だが、今となっては、その名を口にする者は少ない。
なぜなら彼は、“裏切り者”として記録されているからだ。
ヴェルザが統治していた時代。
陰界にはまだ“祠”も“議会”も存在しなかった。
名は“血”によってのみ継がれ、
「殻の紋章(モルフォ)」を持つ者こそが支配者だった。
殻に紋がある者は“上”に、
無紋の者は“下”に。
それが、世界の理とされていた。
「名とは、誕生とともに与えられる運命。
決して這い上がれるものではない」
──それが王ヴェルザの口癖だった。
その思想のもと、陰界は静かに秩序を保ち、
争いはほとんど起きなかった。
いや──表面上は、である。
名を持たぬ者たちは、
常に下層に追いやられ、
記録にすら残らぬ存在として扱われていた。
そんな中、ひとつの“異変”が起こる。
ある日、ヴェルザの宮殿に、一匹の蟲が現れた。
小さく、痩せ細り、
殻に傷だらけの“無名”の者。
だが、彼は言葉を話した。
「名など、血ではなく──“記憶”により刻まれるものだ」
ヴェルザはその言葉に激怒した。
「貴様如きが語るな。名もなき者は、名を語れぬ」
だが無名の蟲はひるまず、
王の前に跪き、こう言った。
「ならば、我に名を与えよ。
それを証明してみせる。
名は、語る者によって生まれると──」
その挑戦は、陰界中に衝撃を走らせた。
“王が無名に名を与える”など、前代未聞だったからだ。
だが、ヴェルザは宣言した。
「ならばよい。
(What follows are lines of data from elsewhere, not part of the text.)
Lemma nu_le_nuN a w N : (1 <= N)%nat -> nu a w <= nuN a w N.
Proof.
  intros HN. apply (nuN_spec a w N HN). intros r [x [H1 [H2 [_ ->]]]].
  apply (nu_spec a w). exists x. auto.
Qed.

Lemma nuN_succ_le a w N : (1 <= N)%nat -> nuN a w (S N) <= nuN a w N.
Proof.
  intros HN. apply (nuN_spec a w N HN). intros r [x [H1 [H2 [H4 ->]]]].
  apply (nuN_spec a w (S N)); [lia |]. exists x. repeat split; auto.
  intros i j Hi Hj. specialize (H4 i j Hi Hj). lia.
Qed.

Lemma nuN_antitone a w N N' : (1 <= N)%nat -> (N <= N')%nat -> nuN a w N' <= nuN a w N.
Proof. intros H1 H2. induction H2; [lra |]. pose proof (nuN_succ_le a w m ltac:(lia)). lra. Qed.

Lemma nuN_le_supp a w n v : (1 <= n)%nat -> supp_in v (- Z.of_nat n) (Z.of_nat n) ->
  in_l2 v -> l2norm v = 1 -> nuN a w (2 * n) <= l2norm (bapply a w v).
Proof.
  intros Hn Hs Hv Hv1. apply (nuN_spec a w (2 * n)); [lia |]. exists v. repeat split; auto.
  intros i j Hi Hj.
  assert (Hin : forall k, v k <> 0%C -> (- Z.of_nat n <= k < Z.of_nat n)%Z).
  { intros k Hk. destruct (Z_lt_le_dec k (- Z.of_nat n)), (Z_lt_le_dec k (Z.of_nat n));
      try lia; exfalso; apply Hk, Hs; lia. }
  pose proof (Hin i Hi). pose proof (Hin j Hj). lia.
Qed.

(** * Finitely supported approximations *)

Lemma l2sq_trunc_tail x n : in_l2 x ->
  in_l2 (vsub x (trunc (- Z.of_nat n) (Z.of_nat n) x)) /\
  l2sq (vsub x (trunc (- Z.of_nat n) (Z.of_nat n) x)) <= l2sq x - nsq (- Z.of_nat n) (Z.of_nat n) x.
Proof.
  intros Hx. set (m := Z.of_nat n). set (y := vsub x (trunc (- m) m x)).
  apply l2_of_nsq_bound. intros lo hi.
  destruct (Z_le_gt_dec hi lo).
  { unfold nsq at 1. rewrite zsum_empty by lia. pose proof (nsq_le_l2sq x (- m) m Hx). lra. }
  set (L := Z.max (Z.max (Z.abs lo) (Z.abs hi)) m).
  eapply Rle_trans. apply (zsum_le_widen (- L) L); try lia. intros; apply pow2_ge_0.
  assert (E : nsq (- L) L y = nsq (- L) L x - nsq (- m) m x).
  { unfold nsq. rewrite (zsum_split (- L) (- m) L), (zsum_split (- m) m L) by lia.
    rewrite (zsum_split (- L) (- m) L (fun i => Cmod (x i) ^ 2)) by lia.
    rewrite (zsum_split (- m) m L (fun i => Cmod (x i) ^ 2)) by lia.
    rewrite (zsum_eq0 (- m) m).
    2:{ intros i Hi. unfold y, vsub. rewrite trunc_in by lia.
        replace (x i - x i)%C with (RtoC 0) by ring. rewrite Cmod_0. ring. }
    rewrite (zsum_ext (- L) (- m) (fun i => Cmod (y i) ^ 2) (fun i => Cmod (x i) ^ 2)).
    rewrite (zsum_ext m L (fun i => Cmod (y i) ^ 2) (fun i => Cmod (x i) ^ 2)). ring.
    all: intros i Hi; unfold y, vsub; rewrite (trunc_supp (- m) m x) by lia; do 2 f_equal; ring. }
  fold (nsq (- L) L y). rewrite E. pose proof (nsq_le_l2sq x (- L) L Hx). lra.
Qed.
名を与えよう」
「汝の名は──“ナイト・クラシス”。
試練を越え、我が騎士となれ」
その日から、名を与えられた蟲は、王のもとで働くことになった。
誰もが疑った。
誰もが嘲笑った。
だが、“クラシス”は証明した。
名を持つことが、
誕生の特権ではなく、“意志”によって定義され得ることを。
そして……
その証明は、やがて王自身を壊していくこととなる。
ヴェルザの周囲には、
名を持たぬ者たちが静かに集まり始めた。
彼らはクラシスを“語りの導き手”と呼び、
やがて、「記憶派(レコルド)」という思想が芽吹いた。
──名は、記録され、語られ、継承される。
──血ではなく、物語こそが“名”を生む。
その思想は、ヴェルザの絶対王権を静かに蝕んでいった。
そして、ついに王は宣言する。
「クラシスよ──
貴様を“名の剥奪者”として追放する。
貴様の名は、今をもって取り消す!」
だが、クラシスは言った。
「ならば、王よ。
我が名を剥ぎ取るその舌を、
誰が“語る”というのだ?」
それは、王を殺す呪文だった。
“語られぬ王は、王ではない”
──そうして、ヴェルザの名は、徐々に陰界から消えていった。
記録から、語りから、
やがて伝承からも──
今、語られる“ヴェルザ”とは、
フェイン・ヴェルザが引き継いだ家名だけである。
だがその名がかつて、
“名を与えられた無名”によって倒されたということを、
知る者は少ない。
アモ・ブリオンが名を持ち、語りを継いだとき。
その影には──
この“堕ちた王”の姿が、静かに横たわっていた。
⸻
次回予告:第2話『クラシス、名を超えて』
王から名を与えられし蟲、クラシス。
だが彼の名は、やがて王の“記憶”を殺す毒となる。
“名”とは何か。
王とは何者か。
陰界の原罪が、いま暴かれる。
Coming soon…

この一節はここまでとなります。